Stored data entries:

Lemma cvals_K2_fun a b c : (a < b < c)%N -> cvals (K2_fun a b c) = [:: a%:R; b%:R; c%:R].
Proof.
move=> /andP[ab bc]; have ac := ltn_trans ab bc.
have f_inj : injective (K2_fun a b c).
  by apply: K2_fun_inj; rewrite /= !inE !negb_or !neq_ltn ab bc ac.
apply: (@irr_sorted_eq _ <%R); [exact: lt_trans | exact: ltxx | | | ].
- by rewrite sort_lt_sorted (map_inj_uniq f_inj) filter_uniq ?enum_uniq.
- by rewrite /= !ltr_nat ab bc.
move=> x; rewrite mem_sort; apply/mapP/idP => [[s _ ->]|].
  by case: (K2_simplex_cases s) => ->; rewrite !inE eqxx ?orbT.
rewrite !inE => /or3P[] /eqP ->;
  [exists (inl true) | exists (inl false) | exists (inr K2_edge)];
  by rewrite // mem_filter critical_inj // mem_enum.
Qed.

Lemma pbetti0_K2_fun_012 :
  let f := K2_fun 0 1 2 in
  [/\ pbetti F 0 f 1%:R 1%:R = 2%N, pbetti F 0 f 1%:R 2%:R = 1%N
    & pbetti F 0 f 0%:R 1%:R = pbetti F 0 f 0%:R 2%:R].
Proof.
have le_val (n m : nat) : ((n%:R : R) <= m%:R) = (n <= m)%N by exact: ler_nat.
have C0_1 : C0 F (K2_fun 0 1 2) 1%:R = 1%:M by apply: C0_all_vertices => -[]; rewrite le_val.
split.
- by rewrite pbetti0_no_edges ?C0_1 ?mxrank1 ?nV_K2 // => x; rewrite le_val.
- rewrite pbetti0_all_edges ?C0_1 ?mxrank1 ?nV_K2 => [|x]; last by rewrite le_val.
  by rewrite capTmx ?rank_bdry_K2 ?nV_K2 // -sub1mx submx_refl.
rewrite pbetti0_no_edges ?pbetti0_all_edges => [||x]; last by rewrite le_val.
- by rewrite (@rank_C0_cap_bdry_K2 _ _ _ _ false) ?le_val ?subn0.
- by move=> x; rewrite le_val.
Qed.

Lemma diagram_K2_fun_012 : diagram F (K2_fun 0 1 2) 1%:R (Some 2%:R) = 1.
Proof.
have cvE := cvals_K2_fun (isT : (0 < 1 < 2)%N).
have cvalE (i : nat) : cval (K2_fun 0 1 2) i = nth 0 [:: 0%:R; 1%:R; 2%:R] i.
  by rewrite /cval cvE.
rewrite -[1%:R](cvalE 1%N) -[2%:R](cvalE 2%N) diagram_uniq_cvals; last 2 first.
- by rewrite cvE /= !inE !eqr_nat.
- by rewrite /ncrit cvE.
have [p11 p12 p01] := pbetti0_K2_fun_012.
rewrite /mult_fin /betaI /= !pbetti1_K2 !cvalE /= p11 p12 p01.
by rewrite subrK !subrr addr0.
Qed.

Lemma diagram_K2_fun_013 : diagram F (K2_fun 0 1 3) 1%:R (Some 2%:R) = 0.
Proof.
apply: diagram_notin_cvals.
by rewrite (cvals_K2_fun (isT : (0 < 1 < 3)%N)) !inE !eqr_nat.
Qed.

End Examples.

The problem: The answer must be the lines from the one containing "by rewrite subrK !subrr addr0." through the last line of the records, copied exactly, with nothing else.

Expected answer:
by rewrite subrK !subrr addr0.
Qed.

Lemma diagram_K2_fun_013 : diagram F (K2_fun 0 1 3) 1%:R (Some 2%:R) = 0.
Proof.
apply: diagram_notin_cvals.
by rewrite (cvals_K2_fun (isT : (0 < 1 < 3)%N)) !inE !eqr_nat.
Qed.

End Examples.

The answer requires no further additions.